Otherwise, I fear that this WG will not reach a final consensus,
possibly leading to a "fork" between the Web protocol stack and
others.

Erik

On Thu, Apr 2, 2009 at 10:07 AM, Mark Davis <mark at macchiato.com> wrote:
> It would be possible to do a Tables section for mappings, that went through
> the same kind of process that we did for Tables, of fine tuning the mapping.

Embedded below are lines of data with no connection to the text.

Lemma Sreachable_same_class a b c d : same_class a b c d -> Sreachable c d -> Sreachable a b.
Proof.
move=> /same_classP [v [[v' vv'] Ecd]] [u [s [uu E]]].
exists (v' * u), s; split; first exact: unitA_mul (unitA_inv vv') uu.
by rewrite -scalerA -E; apply: scale_unitK Ecd; rewrite mulrC.
Qed.

Lemma Sreachable_edge p q (p' q' : A) : Sreachable p q -> Gedge p q p' q' -> Sreachable p' q'.
Proof.
move=> [u [s [_ E]]] edge.
have [c [d [_ [d' dd'] M_eq]]] :=
  GL2_factor_lower edge (GL2_Sword s) (etrans (infty_act_mx2 _ _ _ _) E).
(* The edge matrix is [[u,0],[c,d]] W, so its second row is d.(∞ S(d^-1 c) W). *)
exists d, (d' * c :: s); split; first by exists d'.
have -> : row2 p' q' = row2 c d *m Sword s.
  have -> : row2 p' q' = row2 0 1 *m mx2 p q p' q' by rewrite row2_mul; congr row2; ring.
  by rewrite M_eq mulmxA row2_mul; congr (row2 _ _ *m _); ring.
rewrite /infty_act /= mulmxA row2_mul_Smx scalemxAl scale_row2; congr (row2 _ _ *m _).
  by rewrite mulr1 addr0 mulrA dd' mul1r.
by rewrite mulr1.
Qed.

Lemma Gamma_connected_Sreachable a b : Gamma_connected A -> unimodular a b -> Sreachable a b.
Proof.
move=> conn ab; have [|n [w [w0 [wn [_ edges]]]]] := conn 1 0 a b _ ab.
  by exists 1, 0; rewrite mulr1 mulr0 addr0.
suff reach k : (k <= n)%N -> Sreachable (w k).1 (w k).2.
  exact: Sreachable_same_class wn (reach n _).
elim: k => [_ | k IH kn]; first exact: Sreachable_same_class (same_class_sym w0) Sreachable_infty.
exact: Sreachable_edge (IH (ltnW kn)) (edges k kn).
Qed.

Definition Gadj (v w : A * A) : Prop := Gedge v.1 v.2 w.1 w.2.

Definition row0 (M : 'M[A]_2) : A * A := (M 0 0, M 0 1).

Lemma Gadj_Smx x (M : 'M[A]_2) : GL2 M -> Gadj (row0 M) (row0 (Smx x *m M)).
Proof.
rewrite /Gadj /Gedge /row0 (mx2E M) mx2_mul !mxE /= => GL_M.
have -> : mx2 (M 0 0) (M 0 1) (x * M 0 0 + 1 * M 1 0) (x * M 0 1 + 1 * M 1 1)
          = mx2 1 0 x 1 *m mx2 (M 0 0) (M 0 1) (M 1 0) (M 1 1).
  by rewrite mx2_mul; congr mx2; ring.
exact: GL2_mul (GL2_lower x) GL_M.
Qed.

Lemma Sword_path (s : seq A) : clos_refl_trans _ Gadj (1, 0) (row0 (Sword s)).
Proof.
elim: s => [|x s IH]; first by rewrite /row0 /= !mxE; apply: rt_refl.
exact: rt_trans IH (rt_step _ _ _ _ (Gadj_Smx x (GL2_Sword s))).
Qed.

Lemma Gadj_path_sym v w : clos_refl_trans _ Gadj v w -> clos_refl_trans _ Gadj w v.
Proof.
elim=> [v' w' /Gedge_sym e | v' | u' v' w' _ IHuv _ IHvw].
- exact: rt_step.
- exact: rt_refl.
- exact: rt_trans IHvw IHuv.
Qed.

Lemma Gadj_path_walk v w : clos_refl_trans _ Gadj v w -> unimodular v.1 v.2 ->
  exists n (W : nat -> A * A), [/\ W 0%N = v, W n = w,
    forall i, (i <= n)%N -> unimodular (W i).1 (W i).2 &
    forall i, (i < n)%N -> Gadj (W i) (W i.+1)].
Proof.
move=> vw; elim: {v w vw}(clos_rt_rt1n _ _ _ _ vw) => [v | v v' w e _ IH] uv.
  by exists 0%N, (fun=> v); split=> // -[].
have [n [W [W0 Wn unimW edgeW]]] := IH (GL2_unimodular (Gedge_sym e)).
exists n.+1, (fun i => if i is i'.+1 then W i' else v); split=> //.
  by case=> [|i /unimW].
by case=> [_ | i /edgeW] //=; rewrite W0.
Qed.

Lemma Sreachable_Gamma_connected :
  (forall a b, unimodular a b -> Sreachable a b) -> Gamma_connected A.
Proof.
move=> reach a b c d ab cd.
have [u [s [uu Eab]]] := reach a b ab.
have [v [t [vv Ecd]]] := reach c d cd.
have unim_s : unimodular (row0 (Sword s)).1 (row0 (Sword s)).2.
  by have := GL2_Sword s; rewrite {1}(mx2E (Sword s)); apply: GL2_unimodular.
have [n [W [W0 Wn unimW edgeW]]] :=
  Gadj_path_walk (rt_trans _ _ _ _ _ (Gadj_path_sym (Sword_path s)) (Sword_path t)) unim_s.
exists n, W; rewrite W0 Wn; split; [|split=> //];
  apply: same_class_sym; apply/same_classP; rewrite /row0 /= -infty_actE.
  by exists u.
by exists v.
Qed.

Lemma in_GE2_mul (M N : 'M[A]_2) : in_GE2 M -> in_GE2 N -> in_GE2 (M *m N).
Proof.
elim=> [|G M' genG _ IH] GE_N; first by rewrite mul1mx.
by rewrite -mulmxA; apply: GE2_mul genG (IH GE_N).
Qed.

Lemma in_GE2_generator (G : 'M[A]_2) : GE2_generator G -> in_GE2 G.
Proof. by move=> genG; rewrite -(mulmx1 G); apply: GE2_mul genG (GE2_one A). Qed.

Lemma in_GE2_upper x : in_GE2 (mx2 1 x 0 1).
Proof. by apply: in_GE2_generator; left; exists x. Qed.

Lemma in_GE2_lower x : in_GE2 (mx2 1 0 x 1).
Proof. by apply: in_GE2_generator; right; left; exists x. Qed.

Lemma in_GE2_diag u v : is_unitA u -> is_unitA v -> in_GE2 (mx2 u 0 0 v).
Proof. by move=> uu vv; apply: in_GE2_generator; right; right; exists u, v. Qed.

Lemma Smx_upper x : Smx x *m Smx 0 = mx2 1 x 0 1.
Proof. by rewrite mx2_mul; congr mx2; ring. Qed.

Lemma Smx_lower x : Smx 0 *m Smx x = mx2 1 0 x 1.
Proof. by rewrite mx2_mul; congr mx2; ring. Qed.

Lemma in_GE2_Smx x : in_GE2 (Smx x).
Proof.
have -> : Smx x = mx2 1 x 0 1 *m (mx2 1 1 0 1 *m (mx2 1 0 (-1) 1 *m
                   (mx2 1 1 0 1 *m mx2 (-1) 0 0 1))).
  by rewrite !mx2_mul; congr mx2; ring.
have unit_m1 : is_unitA (-1 : A) by exists (-1); rewrite mulrNN mulr1.
do 4!apply: in_GE2_mul (in_GE2_upper _) _ || apply: in_GE2_mul (in_GE2_lower _) _.
exact: in_GE2_diag unit_m1 unitA1.
Qed.

Lemma in_GE2_Sword (s : seq A) : in_GE2 (Sword s).
Proof. by elim: s => [|x s IH] /=; [apply: GE2_one | apply: in_GE2_mul (in_GE2_Smx x) IH]. Qed.

Lemma upper_diag_comm u u' v y : u * u' = 1 ->
  mx2 1 y 0 1 *m mx2 u 0 0 v = mx2 u 0 0 v *m mx2 1 (u' * y * v) 0 1.
Proof. by move=> uu'; rewrite !mx2_mul !mulrA uu'; congr mx2; ring. Qed.

Lemma lower_diag_comm u v v' y : v * v' = 1 ->
  mx2 1 0 y 1 *m mx2 u 0 0 v = mx2 u 0 0 v *m mx2 1 0 (v' * y * u) 1.
Proof. by move=> vv'; rewrite !mx2_mul !mulrA vv'; congr mx2; ring. Qed.

Lemma in_GE2_diag_Sword (M : 'M[A]_2) : in_GE2 M ->
  exists u v (s : seq A), [/\ is_unitA u, is_unitA v & M = mx2 u 0 0 v *m Sword s].
Proof.
elim=> [|G _ genG _ [u [v [s [uu vv ->]]]]].
  by exists 1, 1, [::]; rewrite /= mulmx1 mx2_1; split=> //; apply: unitA1.
have [[u' uu'] [v' vv']] := (uu, vv).
case: genG => [[y ->] | [[y ->] | [u1 [v1 [uu1 [vv1 ->]]]]]].
- exists u, v, (u' * y * v :: 0 :: s); split=> //.
  by rewrite mulmxA (upper_diag_comm _ _ uu') -Smx_upper /= !mulmxA.
- exists u, v, (0 :: v' * y * u :: s); split=> //.
  by rewrite mulmxA (lower_diag_comm _ _ vv') -Smx_lower /= !mulmxA.
- exists (u1 * u), (v1 * v), s; split; try exact: unitA_mul.
  by rewrite mulmxA mx2_mul; congr (mx2 _ _ _ _ *m _); ring.
Qed.

Lemma lower_triangular_factor u u' c d : u * u' = 1 ->
  mx2 u 0 c d = mx2 1 0 (c * u') 1 *m mx2 u 0 0 d.
Proof. by move=> uu'; rewrite mx2_mul -(mulrA c) [u' * u]mulrC uu'; congr mx2; ring. Qed.

Lemma Sreachable_GE2_ring : (forall a b, unimodular a b -> Sreachable a b) -> GE2_ring A.
Proof.
move=> reach M; rewrite (mx2E M) => GL_M.
have [u [s [_ E]]] := reach _ _ (GL2_unimodular GL_M).
have [c [d [[u' uu'] dd ->]]] :=
  GL2_factor_lower GL_M (GL2_Sword s) (etrans (infty_act_mx2 _ _ _ _) E).
rewrite (lower_triangular_factor _ _ uu') -mulmxA.
apply: in_GE2_mul (in_GE2_lower _) (in_GE2_mul (in_GE2_diag _ dd) (in_GE2_Sword s)).
by exists u'.
Qed.

Lemma GE2_ring_Sreachable a b : GE2_ring A -> unimodular a b -> Sreachable a b.
Proof.
move=> GE [x [y xy]].
have GL_M : GL2 (mx2 a b (- y) x).
  by apply: (@GL2_mx2 _ _ _ _ x (- b) y a); rewrite mx2_mul mx2_1; congr mx2; rewrite -?xy; ring.
have [u [v [s [uu _ EM]]]] := in_GE2_diag_Sword (GE _ GL_M).
exists u, s; split=> //.
rewrite -(infty_act_mx2 a b (- y) x) EM /infty_act mulmxA -/(infty_act _) infty_act_mx2.
by rewrite scalemxAl scale_row2 mulr1 mulr0.
Qed.

Lemma weak_euclid_mull x b : weak_euclid (x * b) b.
Proof.
exists 0%N, (fun=> x), (fun k => if k is 0 then x * b else if k is 1 then b else 0).
by do 3!split=> //; case=> // _; rewrite addr0.
Qed.

Lemma weak_euclid_cons x b c : weak_euclid b c -> weak_euclid (x * b + c) b.
Proof.
move=> [n [q [r [r0 [r1 [rn rk]]]]]].
exists n.+1, (fun k => if k is k'.+1 then q k' else x),
  (fun k => if k is k'.+1 then r k' else x * b + c).
by do 3!split=> //; case=> [_ | k /rk] //=; rewrite r0 r1.
Qed.

Lemma Sprod_shift n (x : nat -> A) : Sprod n.+1 x = Sprod n (fun i => x i.+1) *m Smx (x 0%N).
Proof.
elim: n x => [|n IH] x //.
by rewrite -[Sprod n.+2 x]/(Smx (x n.+2) *m Sprod n.+1 x) IH mulmxA.
Qed.

Lemma reached_weak_euclid a b : reached_by_S a b -> weak_euclid a b.
Proof.
move=> [n [x [u [[u' uu'] E]]]].
have {u E uu'} : row2 a b = u' *: infty_act (Sprod n x) by apply: scale_unitK E; rewrite mulrC.
elim: n x u' a b => [|n IH] x c a b.
  rewrite /= infty_act_mx2 scale_row2 => /row2_inj [-> ->].
  by rewrite mulr1 mulrC; apply: weak_euclid_mull.
rewrite Sprod_shift /infty_act mulmxA scalemxAl -/(infty_act _).
rewrite [c *: _]row2E row2_mul_Smx => /row2_inj [-> ->].
by apply/weak_euclid_cons/(IH _ c); rewrite -row2E.
Qed.

Lemma remainders_Sprod n (q r : nat -> A) :
  (forall k, (k <= n)%N -> r k = q k * r k.+1 + r k.+2) ->
  row2 (r 0%N) (r 1%N) = row2 (r n.+1) (r n.+2) *m Sprod n q.
Proof.
elim: n => [|n IH] rk; first by rewrite /= row2_mul_Smx -rk.
rewrite IH => [|k kn]; last exact/rk/ltnW.
by rewrite /= mulmxA row2_mul_Smx -rk.
Qed.

Lemma weak_euclid_reached a b : unimodular a b -> weak_euclid a b -> reached_by_S a b.
Proof.
move=> ab [n [q [r [r0 [r1 [rn rk]]]]]].
have E : row2 a b = r n.+1 *: infty_act (Sprod n q).
  by rewrite -r0 -r1 (remainders_Sprod rk) rn /infty_act scalemxAl scale_row2 mulr1 mulr0.
have [r' rr'] : is_unitA (r n.+1).
  move: E ab; rewrite [infty_act _]row2E scale_row2 => /row2_inj [-> ->].
  exact: unitA_of_unimodular.
exists n, q, r'; split; first exact: unitA_inv rr'.
by apply: scale_unitK E; rewrite mulrC.
Qed.
(* Let $IS$ be an ISRL with model $M$ and $\varphi$ a formula of the $A\bar BN$ fragment of EHS$^{+}$. If $I,I'$ are intervals of $M$ with $\mathrm{g}(I)=\mathrm{g}(I')$, then $MCT_I^\varphi=MCT_{I'}^\varphi$.
   Context: **Regular expressions.** For a finite alphabet $X$, $RE_X$ is the set of regular expressions $e ::= \emptyset \mid \epsilon \mid s \mid e;e \mid e+e \mid e^*$ with $s\in X$. $L(e)$ denotes the standard language of $e$. **ISRL.** Fix agents $A=\{0,\dots,m\}$ and a finite set $\mathit{Var}$ of propositional variables. An ISRL is $IS=(\{L_i\},\{l_i^0\},\{ACT_i\},\{P_i\},\{t_i\},\lambda)$ where, for each $i\in A$: - $L_i$ is a finite set of local states and $l_i^0\in L_i$; - $ACT_i$ is a finite set of actions and $P_i:L_i\to 2^{ACT_i}$; - $t_i\subseteq L_i\times ACT\times L_i$, with $ACT=ACT_0\times\dots\times ACT_m$; - $\lambda:\mathit{Var}\to RE_G$, where $G=L_0\times\dots\times L_m$. $t^G((l_0,\dots,l_m),(l'_0,\dots,l'_m))$ holds iff some $(a_0,\dots,a_m)\in ACT$ has $a_i\in P_i(l_i)$ and $(l_i,(a_0,\dots,a_m),l'_i)\in t_i$ for all $i$. **Model of $IS$.** - States $S$ are the nonempty sequences $g_0\dots g_k$ with $g_0=(l_0^0,\dots,l_m^0)$ and $t^G(g_j,g_{j+1})$ for all $j<k$. - $t(g_0\dots g_k,g'_0\dots g'_l)$ iff $l=k+1$ and $g_j=g'_j$ for all $j\le k$. - $g_0\dots g_k\sim_i g'_0\dots g'_l$ iff $g_k,g'_l$ have the same $i$-th component. - $\mathrm{g}(g_0\dots g_k)=g_k$. **Intervals.** An interval is a nonempty sequence $I=s_1\dots s_n$ of states with $t(s_j,s_{j+1})$; $\mathit{first}(I)=s_1$, $\mathit{last}(I)=s_n$, $\mathrm{g}(I)=\mathrm{g}(s_1)\dots\mathrm{g}(s_n)$, and $\mathit{pi}(I)$ iff $n=1$. **Relations.** - $I\sim_i I'$ iff $|I|=|I'|$ and the states are pointwise $\sim_i$-related; $\sim_\Gamma$ is the transitive closure of $\bigcup_{i\in\Gamma}\sim_i$. - $I R_A I'$ iff $\mathit{first}(I')=\mathit{last}(I)$. - $I R_{\bar B} I'$ iff $I'=II_1$ for some interval $I_1$. - $I R_N I'$ iff $t(\mathit{last}(I),\mathit{first}(I'))$. - $R_{K_i}=\sim_i$, $R_{C_\Gamma}=\sim_\Gamma$, $R_{\langle A\rangle}=R_A$, $R_{\langle\bar B\rangle}=R_{\bar B}$, $R_{\langle N\rangle}=R_N$. **$A\bar BN$ fragment of EHS$^{+}$.** Syntax: $\varphi::=\mathit{pi}\mid p\mid\neg\varphi\mid\varphi\wedge\varphi\mid K_i\varphi\mid C_\Gamma\varphi\mid\langle A\rangle\varphi\mid\langle\bar B\rangle\varphi\mid\langle N\rangle\varphi$. A top-level sub-formula of $\varphi$ is a sub-formula of the form $X\psi$ with $X$ one of these modalities that is not in the scope of any modality. **Automata.** For $p\in\mathit{Var}$ let $\mathcal A^p$ be the minimal complete deterministic finite automaton for $L(\lambda(p))$ over alphabet $G$. $\mathcal A_I$ maps each $p$ to the state of $\mathcal A^p$ reached after reading $\mathrm{g}(I)$. **Modal context tree.** $MCT_I^\varphi$ is defined by recursion on $\varphi$ as the pair consisting of: - the root label $(\mathrm{g}(\mathit{first}(I)),\mathrm{g}(\mathit{last}(I)),\mathit{pi}(I),\mathcal A_I)$; - for each top-level sub-formula $X\psi$ of $\varphi$, the set $\{MCT_{I'}^\psi : I R_X I'\}$. *)

From HB Require Import structures.
From Stdlib Require Import Relation_Operators.
From mathcomp Require Import all_boot.
Set Implicit Arguments. Unset Strict Implicit. Unset Printing Implicit Defensive.

Inductive re (X : Type) : Type :=
| ReEmpty | ReEps | ReSym (s : X) | ReSeq (e1 e2 : re X) | ReAlt (e1 e2 : re X)
| ReStar (e : re X).
Arguments ReEmpty {X}. Arguments ReEps {X}.

Inductive star_lang (X : Type) (Lg : seq X -> Prop) : seq X -> Prop :=
| star_nil : star_lang Lg [::]
| star_app u v : Lg u -> star_lang Lg v -> star_lang Lg (u ++ v).

Fixpoint lang (X : Type) (e : re X) : seq X -> Prop :=
  match e with
  | ReEmpty => fun _ => False
  | ReEps => fun w => w = [::]
  | ReSym s => fun w => w = [:: s]
  | ReSeq e1 e2 => fun w => exists u v, w = u ++ v /\ lang e1 u /\ lang e2 v
  | ReAlt e1 e2 => fun w => lang e1 w \/ lang e2 w
  | ReStar e1 => star_lang (lang e1)
  end.

Record dfa (X : Type) := Dfa {
  dstate : finType;
  dinit : dstate;
  ddelta : dstate -> X -> dstate;
  dfinal : {set dstate} }.

Definition drun_from (X : Type) (A : dfa X) (q : dstate A) (w : seq X) : dstate A :=
  foldl (@ddelta X A) q w.
Definition drun (X : Type) (A : dfa X) (w : seq X) : dstate A := drun_from (dinit A) w.

Definition minimal_dfa_for (X : Type) (A : dfa X) (e : re X) : Prop :=
  [/\ (forall w, drun A w \in dfinal A <-> lang e w),
      (forall q : dstate A, exists w, drun A w = q) &
      (forall q q' : dstate A, q <> q' ->
         exists u, (drun_from q u \in dfinal A) <> (drun_from q' u \in dfinal A))].

Inductive form (m : nat) (Var : Type) : Type :=
| FPi
| FVar (p : Var)
| FNeg (f : form m Var)
| FAnd (f g : form m Var)
| FK (i : 'I_m.+1) (f : form m Var)
| FC (Gam : {set 'I_m.+1}) (f : form m Var)
| FA (f : form m Var)
| FBbar (f : form m Var)
| FN (f : form m Var).
Arguments FPi {m Var}.

Section ISRL.
Variables (m : nat) (L ACT : 'I_m.+1 -> finType) (Var : finType).

Definition gstate := forall i : 'I_m.+1, L i.
Definition jaction := forall i : 'I_m.+1, ACT i.

Record ISRL := MkISRL {
  l0 : forall i, L i;
  Prot : forall i, L i -> {set ACT i};
  trans : forall i, L i -> jaction -> L i -> Prop;
  lambda : Var -> re gstate }.

Variable IS : ISRL.
Variable aut : Var -> dfa gstate.

Definition ginit : gstate := fun i => l0 IS i.

Definition tG (g g' : gstate) : Prop :=
  exists a : jaction, forall i, a i \in Prot IS (g i) /\ trans IS (g i) a (g' i).

Fixpoint chainP (T : Type) (R : T -> T -> Prop) (x : T) (s : seq T) : Prop :=
  match s with
  | [::] => True
  | y :: s' => R x y /\ chainP R y s'
  end.

Definition mstate := seq gstate.
Definition is_state (s : mstate) : Prop :=
  match s with
  | [::] => False
  | g0 :: rest => g0 = ginit /\ chainP tG g0 rest
  end.

Definition tM (s s' : mstate) : Prop := exists g, s' = rcons s g.

Definition gof (s : mstate) : gstate := last ginit s.

Definition simS (i : 'I_m.+1) (s s' : mstate) : Prop := gof s i = gof s' i.

Fixpoint allPr (T : Type) (P : T -> Prop) (s : seq T) : Prop :=
  match s with [::] => True | x :: s' => P x /\ allPr P s' end.

Definition interval := seq mstate.
Definition is_interval (I : interval) : Prop :=
  match I with
  | [::] => False
  | s1 :: rest => allPr is_state I /\ chainP tM s1 rest
  end.

Definition ifirst (I : interval) : mstate := head [::] I.
Definition ilast (I : interval) : mstate := last [::] I.
Definition gI (I : interval) : seq gstate := map gof I.
Definition ipi (I : interval) : bool := size I == 1.

Fixpoint forall2P (T : Type) (R : T -> T -> Prop) (s t : seq T) : Prop :=
  match s, t with
  | [::], [::] => True
  | x :: s', y :: t' => R x y /\ forall2P R s' t'
  | _, _ => False
  end.

(* relations on intervals (the target is always required to be an interval of M) *)
Definition RK (i : 'I_m.+1) (I J : interval) : Prop :=
  is_interval J /\ forall2P (simS i) I J.
Definition RC (Gam : {set 'I_m.+1}) : interval -> interval -> Prop :=
  clos_trans interval (fun I J => is_interval I /\ exists2 i, i \in Gam & RK i I J).
Definition RA (I J : interval) : Prop := is_interval J /\ ifirst J = ilast I.
Definition RBbar (I J : interval) : Prop :=
  is_interval J /\ exists I1, is_interval I1 /\ J = I ++ I1.
Definition RN (I J : interval) : Prop := is_interval J /\ tM (ilast I) (ifirst J).

Definition Label : Type :=
  (gstate * gstate * bool * (forall p : Var, dstate (aut p)))%type.

Definition label (I : interval) : Label :=
  (gof (ifirst I), gof (ilast I), ipi I, fun p => drun (aut p) (gI I)).

(* One component (a set of MCTs for psi) per top-level sub-formula X psi,
   in left-to-right order of occurrence. *)
Fixpoint Ch (phi : form m Var) : Type :=
  match phi with
  | FPi | FVar _ => unit
  | FNeg a => Ch a
  | FAnd a b => (Ch a * Ch b)%type
  | FK _ a | FC _ a | FA a | FBbar a | FN a => (Label * Ch a)%type -> Prop
  end.

Definition MCTtype (phi : form m Var) : Type := (Label * Ch phi)%type.

Fixpoint ch (phi : form m Var) (I : interval) {struct phi} : Ch phi :=
  match phi return Ch phi with
  | FPi | FVar _ => tt
  | FNeg a => ch a I
  | FAnd a b => (ch a I, ch b I)
  | FK i a => fun t => exists J, RK i I J /\ (label J, ch a J) = t
  | FC Gam a => fun t => exists J, RC Gam I J /\ (label J, ch a J) = t
  | FA a => fun t => exists J, RA I J /\ (label J, ch a J) = t
  | FBbar a => fun t => exists J, RBbar I J /\ (label J, ch a J) = t
  | FN a => fun t => exists J, RN I J /\ (label J, ch a J) = t
  end.

Definition MCT (phi : form m Var) (I : interval) : MCTtype phi := (label I, ch phi I).

End ISRL.

From HB Require Import structures.
From mathcomp Require Import all_boot.
From Stdlib Require Import Relation_Operators FunctionalExtensionality PropExtensionality.

Set Implicit Arguments. Unset Strict Implicit. Unset Printing Implicit Defensive.

(* Everything an MCT records about an interval I is a function of g(I).  The
   label reads g(I) directly.  K_i and C_Gamma relate intervals pointwise
   through the last global states only, so they depend on the source only
   through g(I).  For A, N and Bbar the successors of I are intervals whose
   states all extend the last state s of I; replacing that common prefix s by
   any other state s' with the same last global state keeps them runs of the
   system (the transition relation only looks at the last global state) and
   keeps their global trace, so I and I' have matching successors. *)

Lemma chainP_cat (T : Type) (R : T -> T -> Prop) (x : T) (a b : seq T) :
  chainP R x (a ++ b) <-> chainP R x a /\ chainP R (last x a) b.
Proof. by elim: a x => [|y a IH] x /=; [tauto | rewrite IH; tauto]. Qed.

Lemma allPr_cat (T : Type) (P : T -> Prop) (a b : seq T) :
  allPr P (a ++ b) <-> allPr P a /\ allPr P b.
Proof. by elim: a => [|y a IH] /=; [tauto | rewrite IH; tauto]. Qed.

Lemma allPr_last (T : Type) (P : T -> Prop) (x : T) (s : seq T) :
  P x -> allPr P s -> P (last x s).
Proof. by elim: s x => [|y s IH] x //= Px [Py Ps]; apply: IH. Qed.

Section Interval.
Variables (m : nat) (L ACT : 'I_m.+1 -> finType) (Var : finType)
  (IS : ISRL L ACT Var) (aut : Var -> dfa (gstate L)).

Local Notation is_state := (is_state IS).
Local Notation is_interval := (is_interval IS).
Local Notation gof := (gof IS).
Local Notation gI := (gI IS).
Local Notation tM := (@tM _ L).

Lemma gof_cat (s u : mstate L) : gof (s ++ u) = last (gof s) u.
Proof. by rewrite /gof last_cat. Qed.

Lemma is_state_cat (s u : mstate L) :
  is_state s -> is_state (s ++ u) <-> chainP (tG IS) (gof s) u.
Proof. by case: s => [|g0 r] //= [-> Hr]; rewrite chainP_cat /gof /=; tauto. Qed.

Lemma is_state_change_prefix (s s' u : mstate L) :
  is_state s -> is_state s' -> gof s = gof s' ->
  is_state (s ++ u) -> is_state (s' ++ u).
Proof. by move=> Hs Hs' Egs /(is_state_cat _ Hs); rewrite Egs => /(is_state_cat _ Hs'). Qed.

Lemma tM_chain_prefix (s u0 : mstate L) (rest : interval L) :
  chainP tM (s ++ u0) rest ->
  exists2 U, rest = map (cat s) U & chainP tM u0 U.
Proof.
elim: rest u0 => [|t rest IH] u0 /=; first by exists [::].
move=> [[g ->] Hc]; rewrite rcons_cat in Hc.
have [U -> HU] := IH _ Hc.
by exists (rcons u0 g :: U); [rewrite /= rcons_cat | split => //; exists g].
Qed.

Lemma tM_chain_cat (s u0 : mstate L) (U : interval L) :
  chainP tM u0 U -> chainP tM (s ++ u0) (map (cat s) U).
Proof.
elim: U u0 => [|v U IH] u0 //= [[g ->] Hc].
by split; [exists g; rewrite rcons_cat | apply: IH].
Qed.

> That is, we could go through all of the mappings and figure out which ones
> we need, and which ones we don't.
>
> Frankly, I don't think we need to go through the effort. The only problem I
> see is where a disallowed character X looks most like one PVALID character
> P1, but maps to a different PVALID character P2, and P1 is not confusable
> with P2 already. I don't know of any cases like that.
>
> BTW, my earlier figures were including the "Remove Default Ignorables" from
> my earlier mail. Here are the figures with that broken out:
>
> NFKC-CF-RDI,    Remapped:    5290
> NFKC-LC-RDI,    Remapped:    5224
> NFKC-CF,    Remapped:    4896
> NFKC-LC,    Remapped:    4830
> NFC-CF-RDI,    Remapped:    2485
> NFC-LC-RDI,    Remapped:    2394
> NFC-CF,    Remapped:    2091
> NFC-LC,    Remapped:    2000
>
> CF = Unicode toCaseFold
> LC = Unicode toLowercase
> RDI = Remove default ignorables
>
> And of course, the mappings would be restricted to only mapping characters
> that were not PVALID in any event, so the above figures would vary depending
> on what we end up with there.
>
> Mark
>
>
> On Thu, Apr 2, 2009 at 09:53, Erik van der Poel <erikv at google.com> wrote:
>>
>> Please, let's not let size and complexity issues derail this IDNAbis
>> effort. Haste makes waste. IDNA2003 was a good first cut, that took
>> advantage of several Unicode tables, adopting them wholesale. IDNA2008
>> is a much more careful effort, with detailed dissection, as you can
>> see in the Table draft. We should apply similar care to the "mapping"
>> table.
>>
>> I suggest that we come up with principles, that we then apply to the
>> question of mapping. For example, the reason for lower-casing
>> non-ASCII letters is to compensate for the lack of matching on the
>> server side. The reason for mapping full-width Latin to normal is
>> because it is easy to type those characters in East Asian input
>> methods. (Of course, we need to see if there is consensus, for each of
>> these "reasons".)
>>
>> I also suggest that we automate the process of finding problematic
>> characters. For example, we have already seen that 3-way relationships
>> are problematic. One example of this is Final/Normal/Capital Sigma. We
>> can automatically find these in Unicode's CaseFold tables. We can also
>> look for cases where one character becomes two when upper- or
>> lower-cased (e.g. Eszett -> SS).
>>
>> We should definitely not let the current size of Unicode-related
>> libraries like ICU affect the decision-making process in IETF. Thin
>> clients can always let big servers do the heavy lifting.
>>
>> Erik
>>
>> On Thu, Apr 2, 2009 at 8:22 AM, Mark Davis <mark at macchiato.com> wrote:
>> > Mark
>> >
>> > On Wed, Apr 1, 2009 at 12:51, John C Klensin <klensin at jck.com> wrote:
>> >
>> >> We are, of course, there already.  While
>> >> NFKC(CaseFold(NFKC(string))) is a good predictor of the
>> >> Stringprep mappings, it is not an exact one, and IDNA2003
>> >> implementations already need separate tables for NFKC and IDNA.
>> >
>> > True that they are not exact; but the differences are few, and
>> > extremely rare (not even measurable in practice, since there frequency
>> > is  on a par with random data). Moreover, some implementations already
>> > use the latest version of NFKC instead of having special old versions,
>> > because the differences are so small. So given the choice of a major
>> > breakage or an insignificant breakage, I'd go for the insignificant
>> > one.
>> >
>> >>
>> >> That is where arguments about complexity get complicated.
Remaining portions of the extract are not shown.